The following sections describe the various techniques to work with your versioned data.

Using a timestamp

You can provide the timestamp or date string as an option to the DataFrame reader using the following syntax.

%sql
-- Query metastore-defined Delta table by timestamp
SELECT * FROM my_table TIMESTAMP AS OF "2019-01-01"
SELECT * FROM my_table TIMESTAMP AS OF date_sub(current_date(), 1)
SELECT * FROM my_table TIMESTAMP AS OF "2019-01-01 01:30:00.000"

-- Query Delta table by file path by timestamp
SELECT * FROM delta.`<path-to-delta>` TIMESTAMP AS OF "2019-01-01"
SELECT * FROM delta.`<path-to-delta>` TIMESTAMP AS OF date_sub(current_date(), 1)
SELECT * FROM delta.`<path-to-delta>` TIMESTAMP AS OF "2019-01-01 01:30:00.000"

%python
# Load into Spark DataFrame from Delta table by timestamp
(df = spark.read
  .format("delta")
  .option("timestampAsOf", "2019-01-01")
  .load("/path/to/my/table"))

%scala
// Load into Spark DataFrame from Delta table by timestamp
val df = spark.read
  .format("delta")
  .option("timestampAsOf", "2019-01-01")
  .load("/path/to/my/table")

Specific to the customer_t1 table, the following queries will allow you to query by two different timestamps.
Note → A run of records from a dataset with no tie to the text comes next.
Lemma strictly_convex_on_valley_at_min m : strictly_convex_on f ->
  lo < m < hi -> (forall s, lo < s < hi -> f m <= f s) ->
  unbounded_left f -> unbounded_right f -> valley m f.
Proof.
  intros Hf Hm Hmin Hl Hr.
  pose proof (strictly_convex_on_convex_on Hf) as Hc.
  assert (Hstrict : forall s, lo < s < hi -> s <> m -> f m < f s).
  { intros s Hs Hsm.
    pose proof (Hf s m (1 / 2) Hs Hm Hsm ltac:(lra)).
    pose proof (Hmin (1 / 2 * s + (1 - 1 / 2) * m) ltac:(lra)). lra. }
  split; auto.
  - intros x Hx. exact (convex_on_continuity_pt Hc x Hx).
  - intros x y Hx Hxy.
    pose proof (convex_on_chord Hc x y m Hx ltac:(lra) ltac:(lra)).
    pose proof (Hstrict x ltac:(lra) ltac:(lra)). nra.
  - intros x y Hxy Hy.
    pose proof (convex_on_chord Hc m x y ltac:(lra) ltac:(lra) Hy).
    pose proof (Hstrict y ltac:(lra) ltac:(lra)). nra.
Qed.

Lemma strictly_convex_on_valley : lo < hi -> strictly_convex_on f ->
  unbounded_left f -> unbounded_right f -> exists m, valley m f.
Proof.
  intros Hlh Hf Hl Hr.
  set (c := (lo + hi) / 2).
  destruct (Hl (f c) c ltac:(unfold c; lra)) as (a & Ha & Hfa).
  destruct (Hr (f c) c ltac:(unfold c; lra)) as (b & Hb & Hfb).
  destruct (convex_on_argmin (strictly_convex_on_convex_on Hf) a c b)
    as (m & Hm & Hmin); try lra.
  exists m. apply strictly_convex_on_valley_at_min; auto.
Qed.

End Convexity.

Arguments valley_mid {lo hi m f}.
Arguments valley_continuous {lo hi m f}.
Arguments valley_decreasing {lo hi m f}.
Arguments valley_increasing {lo hi m f}.
Arguments valley_unbounded_left {lo hi m f}.
Arguments valley_unbounded_right {lo hi m f}.

Section Superlevel.
Context {lo hi m : R} {f : R -> R}.
Hypothesis Hv : valley lo hi m f.

Lemma valley_min s : lo < s < hi -> f m <= f s.
Proof.
  intros Hs. destruct (Rtotal_order s m) as [Hsm|[->|Hms]].
  - left; apply (valley_decreasing Hv); lra.
  - lra.
  - left; apply (valley_increasing Hv); lra.
Qed.

Lemma superlevel_below_min c s : c < f m ->
  (lo < s < hi /\ c < f s) <-> lo < s < hi.
Proof.
  intros Hc. split; [tauto|]. intros Hs. split; auto.
  pose proof (valley_min s Hs). lra.
Qed.

Lemma superlevel_at_min s :
  (lo < s < hi /\ f m < f s) <-> (lo < s < hi /\ s <> m).
Proof.
  split; intros [Hs H]; split; auto.
  - intros ->. lra.
  - destruct (Rtotal_order s m) as [Hsm|[Hsm|Hms]].
    + apply (valley_decreasing Hv); lra.
    + contradiction.
    + apply (valley_increasing Hv); lra.
Qed.

Lemma superlevel_above_min c : f m < c ->
  exists s0 s1, lo < s0 < m /\ m < s1 < hi /\
    forall s, (lo < s < hi /\ c < f s) <-> (lo < s < s0 \/ s1 < s < hi).
Proof.
  intros Hc. destruct (valley_mid Hv) as [Hlo Hhi].
  destruct (valley_unbounded_left Hv c m ltac:(lra)) as (a & Ha & Hfa).
  destruct (valley_unbounded_right Hv c m ltac:(lra)) as (b & Hb & Hfb).
  assert (Hcont : forall x, lo < x < hi -> continuity_pt (fun y => f y - c) x).
  { intros x Hx. apply (continuity_pt_minus f (fct_cte c)).
    - apply (valley_continuous Hv); auto.
    - apply continuity_pt_const. intros ? ?; reflexivity. }
  destruct (IVT_interv (fun y => - (f y - c)) a m) as (s0 & Hs0 & E0); try lra.
  { intros x Hx. apply continuity_pt_opp, Hcont; lra. }
  destruct (IVT_interv (fun y => f y - c) m b) as (s1 & Hs1 & E1); try lra.
  { intros x Hx. apply Hcont; lra. }
  assert (Hs0m : s0 <> m) by (intros ->; lra).
  assert (Hs1m : s1 <> m) by (intros ->; lra).
  exists s0, s1. split; [lra|]. split; [lra|]. intros s. split.
  - intros [Hs Hfs].
    destruct (Rlt_le_dec s s0) as [?|H0]; [left; lra|].
    destruct (Rlt_le_dec s1 s) as [?|H1]; [right; lra|].
    exfalso. destruct (Rle_lt_dec s m) as [Hsm|Hms].
    + destruct (Req_dec s s0) as [->|Hne]; [lra|].
      pose proof (valley_decreasing Hv s0 s ltac:(lra) ltac:(lra)). lra.
    + destruct (Req_dec s s1) as [->|Hne]; [lra|].
      pose proof (valley_increasing Hv s s1 ltac:(lra) ltac:(lra)). lra.
  - intros [Hs|Hs]; split; try lra.
    + pose proof (valley_decreasing Hv s s0 ltac:(lra) ltac:(lra)). lra.
    + pose proof (valley_increasing Hv s1 s ltac:(lra) ltac:(lra)). lra.
Qed.

End Superlevel.

(** * Inverse functions and backward uniqueness *)

Lemma is_derive_continuity_pt (f : R -> R) x l : is_derive f x l -> continuity_pt f x.
Proof.
  intros Hf. apply continuity_pt_filterlim, (@ex_derive_continuous R_AbsRing R_NormedModule).
  now exists l.
Qed.

(* Meaningful only on the range of [f]; elsewhere an arbitrary value. *)
Definition inv_fun (f : R -> R) (y : R) : R :=
  epsilon (inhabits 0) (fun x => f x = y).

Section InverseFunction.
Variables f f' : R -> R.
Hypothesis f_derive : forall x, is_derive f x (f' x).
Hypothesis f'_pos : forall x, 0 < f' x.

Lemma derive_pos_lt_iff x y : f x < f y <-> x < y.
Proof.
  split; intros Hxy.
  - destruct (Rtotal_order x y) as [?|[->|Hyx]]; auto; [lra|].
    destruct (MVT_gen f y x f') as (c & _ & Hc).
    + intros; apply f_derive.
    + intros; eapply is_derive_continuity_pt, f_derive.
    + pose proof (f'_pos c). nra.
  - destruct (MVT_gen f x y f') as (c & _ & Hc).
    + intros; apply f_derive.
    + intros; eapply is_derive_continuity_pt, f_derive.
    + pose proof (f'_pos c). nra.
Qed.

Lemma inv_fun_cancel x : inv_fun f (f x) = x.
Proof.
  assert (E : f (inv_fun f (f x)) = f x).
  { apply (epsilon_spec (inhabits 0) (fun z => f z = f x)). now exists x. }
  destruct (Rtotal_order (inv_fun f (f x)) x) as [H|[H|H]]; auto;
    apply derive_pos_lt_iff in H; lra.
Qed.

Lemma f_inv_fun a b y : f a <= y <= f b -> f (inv_fun f y) = y.
Proof.
  intros Hy.
  destruct (IVT_gen f a b y (fun x => is_derive_continuity_pt f x _ (f_derive x))) as (x & _ & <-).
  - rewrite Rmin_left, Rmax_right; lra.
  - now rewrite inv_fun_cancel.
Qed.

Lemma is_derive_inv_fun a b y : a < b -> f a < y < f b ->
  is_derive (inv_fun f) y (/ f' (inv_fun f y)).
Proof.
  intros Hab Hy.
  set (g := inv_fun f).
  assert (Hf : forall x0, f a <= x0 <= f b -> f (g x0) = x0).
  { intros x0 Hx0. exact (f_inv_fun a b x0 Hx0). }
  assert (Hg : forall x0, f a <= x0 <= f b -> a <= g x0 <= b).
  { intros x0 Hx0. rewrite <- (Hf x0 Hx0) in Hx0.
    split; apply Rnot_lt_le; intros H; apply derive_pos_lt_iff in H; lra. }
  assert (Hd : forall x0, derivable_pt f x0).
  { intros x0. exists (f' x0). apply is_derive_Reals, f_derive. }
  assert (Hgy : g (f a) <= g y <= g (f b)).
  { unfold g. rewrite !inv_fun_cancel. apply Hg. lra. }
  assert (Hcont : continuity_pt g y).
  { apply (continuity_pt_recip_interv f g a b); [exact Hab| | | | |exact Hy].
    - intros x z _ Hxz _. apply derive_pos_lt_iff; lra.
    - intros x0 H1 H2. unfold comp, id. apply Hf; lra.
    - intros x0 H1 H2. apply Hg; lra.
    - intros; eapply is_derive_continuity_pt, f_derive. }
  assert (Ed : derive_pt f (g y) (Hd (g y)) = f' (g y)).
  { apply derive_pt_eq_0, is_derive_Reals, f_derive. }
  pose proof (derivable_pt_lim_recip_interv f g (f a) (f b) y (fun x0 _ => Hd x0)
    Hcont ltac:(lra) Hy Hgy (fun x0 Hx0 => Hf x0 Hx0)) as Hlim.
  cbv beta in Hlim. rewrite Ed in Hlim.
  apply is_derive_Reals. unfold Rdiv in Hlim. rewrite Rmult_1_l in Hlim.
  apply Hlim. pose proof (f'_pos (g y)). lra.
Qed.

End InverseFunction.

Lemma backward_gronwall_zero (D D' : R -> R) (K a b : R) :
  (forall t, a <= t <= b -> is_derive D t (D' t)) ->
  (forall t, a <= t <= b -> 0 <= D t) ->
  (forall t, a <= t <= b -> - K * D t <= D' t) ->
  D b = 0 -> forall t, a <= t <= b -> D t = 0.
Proof.
  intros HD Hpos Hbound Hb t Ht.
  set (F := fun t => D t * exp (K * t)).
  assert (HF : forall x, a <= x <= b -> is_derive F x ((D' x + K * D x) * exp (K * x))).
  { intros x Hx. unfold F. auto_derive.
    - now exists (D' x); apply HD.
    - rewrite (is_derive_unique (fun x : R => D x) x (D' x) (HD x Hx)). ring. }
  assert (HFt : F t <= 0).
  { destruct (Req_dec t b) as [->|Htb].
    { unfold F. rewrite Hb. lra. }
    destruct (MVT_gen F t b (fun x => (D' x + K * D x) * exp (K * x))) as (c & Hc & E).
    - intros x Hx. rewrite Rmin_left, Rmax_right in Hx by lra. apply HF; lra.
    - intros x Hx. rewrite Rmin_left, Rmax_right in Hx by lra.
      eapply is_derive_continuity_pt, HF; lra.
    - rewrite Rmin_left, Rmax_right in Hc by lra.
      assert (0 <= (D' c + K * D c) * exp (K * c)).
      { apply Rmult_le_pos; [|apply Rlt_le, exp_pos].
        pose proof (Hbound c ltac:(lra)). lra. }
      unfold F in E |- *. rewrite Hb in E. nra. }
  pose proof (Hpos t Ht). pose proof (exp_pos (K * t)). unfold F in HFt. nra.
Qed.

Definition lipschitz_on_bounded (f : R -> R) : Prop :=
  forall M, exists L, forall x y, Rabs x <= M -> Rabs y <= M ->
    Rabs (f x - f y) <= L * Rabs (x - y).

Lemma energy_derivative_lower_bound du dv df L : Rabs df <= L * Rabs du ->
  - (2 + L ^ 2) * (du ^ 2 + dv ^ 2) <= 2 * du * dv + 2 * dv * df.
Proof.
  intros Hd.
  assert (Hsq : df ^ 2 <= L ^ 2 * du ^ 2).
  { rewrite <- (pow2_abs df), <- (pow2_abs du). pose proof (Rabs_pos df). nra. }
  pose proof (pow2_ge_0 (du + dv)). pose proof (pow2_ge_0 (dv + df)).
  pose proof (pow2_ge_0 du). pose proof (Rmult_le_pos _ _ (pow2_ge_0 L) (pow2_ge_0 dv)).
  nra.
Qed.

Lemma second_order_backward_uniqueness (f : R -> R) (a b : R) (u1 v1 u2 v2 : R -> R) :
  lipschitz_on_bounded f -> a <= b ->
  (forall t, a <= t <= b -> is_derive u1 t (v1 t) /\ is_derive v1 t (f (u1 t))) ->
  (forall t, a <= t <= b -> is_derive u2 t (v2 t) /\ is_derive v2 t (f (u2 t))) ->
  u1 b = u2 b -> v1 b = v2 b ->
  forall t, a <= t <= b -> u1 t = u2 t /\ v1 t = v2 t.
Proof.
  intros Hf Hab H1 H2 Eu Ev.
  destruct (continuity_ab_maj (fun t => Rabs (u1 t) + Rabs (u2 t)) a b Hab)
    as (tM & HM & _).
  { intros t Ht. destruct (H1 t Ht) as [Hu1 _], (H2 t Ht) as [Hu2 _].
    apply continuity_pt_plus; apply (continuity_pt_comp _ Rabs);
      [eapply is_derive_continuity_pt; eauto | apply Rcontinuity_abs
      |eapply is_derive_continuity_pt; eauto | apply Rcontinuity_abs]. }
  destruct (Hf (Rabs (u1 tM) + Rabs (u2 tM))) as (L & HL).
  set (D := fun t => (u1 t - u2 t) ^ 2 + (v1 t - v2 t) ^ 2).
  assert (HD : forall t, a <= t <= b -> D t = 0).
  { apply (backward_gronwall_zero D (fun t => 2 * (u1 t - u2 t) * (v1 t - v2 t)
      + 2 * (v1 t - v2 t) * (f (u1 t) - f (u2 t))) (2 + L ^ 2)).
    - intros t Ht. destruct (H1 t Ht) as [Hu1 Hv1], (H2 t Ht) as [Hu2 Hv2].
      unfold D. auto_derive.
      + repeat split; eexists; eauto.
      + rewrite (is_derive_unique (fun x : R => u1 x) t _ Hu1),
          (is_derive_unique (fun x : R => u2 x) t _ Hu2),
          (is_derive_unique (fun x : R => v1 x) t _ Hv1),
          (is_derive_unique (fun x : R => v2 x) t _ Hv2).
        ring.
    - intros t _. unfold D. pose proof (pow2_ge_0 (u1 t - u2 t)).
      pose proof (pow2_ge_0 (v1 t - v2 t)). lra.
    - intros t Ht. unfold D. cbv beta.
      pose proof (HM t Ht) as HMt. cbv beta in HMt.
      assert (Hd := HL (u1 t) (u2 t) ltac:(pose proof (Rabs_pos (u2 t)); lra)
        ltac:(pose proof (Rabs_pos (u1 t)); lra)).
      exact (energy_derivative_lower_bound _ _ _ _ Hd).
    - unfold D. rewrite Eu, Ev. ring. }
  intros t Ht. specialize (HD t Ht). unfold D in HD.
  pose proof (pow2_ge_0 (u1 t - u2 t)). pose proof (pow2_ge_0 (v1 t - v2 t)).
  split; apply Rminus_diag_uniq, Rsqr_0_uniq; unfold Rsqr; nra.
Qed.

(** * The time integral [H] *)

(* [G s - G (s (1 - y^2)) = s^3 y^2 Q s y], so along the level line
   [v = sqrt (2 lam s^3) y sqrt (Q s y)] and [dt = du / v] becomes
   [sqrt (2 / lam) dy / sqrt (s Q s y)] up to orientation. *)
Definition Q (s y : R) : R :=
  (1 + (1 - y ^ 2) + (1 - y ^ 2) ^ 2) / 3
  - s * (2 - y ^ 2) * (1 + (1 - y ^ 2) ^ 2) / 4.

Definition psi (s y : R) : R := / sqrt (s * Q s y).

Definition H (s : R) : R := RInt (psi s) 0 1.

Lemma sQ_pos s y : 0 < s < 1 -> 0 < s * Q s y.
Proof.
  intros Hs. apply Rmult_lt_0_compat; [lra|].
  set (w := 1 - y ^ 2).
  replace (Q s y) with
    ((1 - s) * (1 + w + w ^ 2) / 3 + s * y ^ 2 * (3 * w ^ 2 + 2 * w + 1) / 12)
    by (unfold Q, w; field).
  assert (0 < 1 + w + w ^ 2) by nra.
  assert (0 <= s * y ^ 2 * (3 * w ^ 2 + 2 * w + 1)).
  { apply Rmult_le_pos; [apply Rmult_le_pos; [lra | apply pow2_ge_0] | nra]. }
  nra.
Qed.

Lemma psi_pos s y : 0 < s < 1 -> 0 < psi s y.
Proof. intros Hs. apply Rinv_0_lt_compat, sqrt_lt_R0, sQ_pos, Hs. Qed.

Lemma ex_derive_psi s y : 0 < s < 1 -> ex_derive (psi s) y.
Proof.
  intros Hs. pose proof (sQ_pos s y Hs).
  unfold psi, Q in *. auto_derive. repeat split; auto; try lra.
  apply Rgt_not_eq, sqrt_lt_R0. lra.
Qed.

Lemma psi_continuous s y : 0 < s < 1 -> continuous (psi s) y.
Proof.
  intros Hs. apply (@ex_derive_continuous R_AbsRing R_NormedModule), ex_derive_psi, Hs.
Qed.

Lemma ex_RInt_psi s a b : 0 < s < 1 -> ex_RInt (psi s) a b.
Proof.
  intros Hs. apply (@ex_RInt_continuous R_CompleteNormedModule).
  intros; apply psi_continuous, Hs.
Qed.

Lemma inv_sqrt_tangent x z : 0 < x -> 0 < z ->
  / sqrt z - (x - z) / (2 * z * sqrt z) <= / sqrt x.
Proof.
  intros Hx Hz.
  pose proof (sqrt_lt_R0 _ Hx) as HX. pose proof (sqrt_lt_R0 _ Hz) as HZ.
  pose proof (sqrt_sqrt x (Rlt_le _ _ Hx)) as EX.
  pose proof (sqrt_sqrt z (Rlt_le _ _ Hz)) as EZ.
  set (X := sqrt x) in *. set (Z := sqrt z) in *.
  rewrite <- EX, <- EZ.
  assert (E : / X - (/ Z - (X * X - Z * Z) / (2 * (Z * Z) * Z)) =
              (X - Z) ^ 2 * (X + 2 * Z) / (2 * X * Z ^ 3)) by (field; lra).
  assert (0 <= (X - Z) ^ 2 * (X + 2 * Z) / (2 * X * Z ^ 3)).
  { apply Rdiv_le_0_compat; [apply Rmult_le_pos; [apply pow2_ge_0 | lra]|].
    pose proof (pow_lt Z 3 HZ). nra. }
  lra.
Qed.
The following SQL queries will use the metastore-defined Delta table syntax.

%sql
-- Row count as of timestamp t1
SELECT COUNT(1) FROM customer_t1 TIMESTAMP AS OF "2020-10-30T18:15:03.000+0000"

-- Row count as of timestamp t2
SELECT COUNT(1) FROM customer_t1 TIMESTAMP AS OF "2020-10-30T18:10:47.000+0000"

%python
# timestamps
t1 = "2020-10-30T18:15:03.000+0000"
t2 = "2020-10-30T18:10:47.000+0000"
DELTA_PATH="/demo/customer_t1"

># Row count as of timestamp t1
(spark.read.format("delta")
     .option("timestampAsOf", t1).load(DELTA_PATH).count())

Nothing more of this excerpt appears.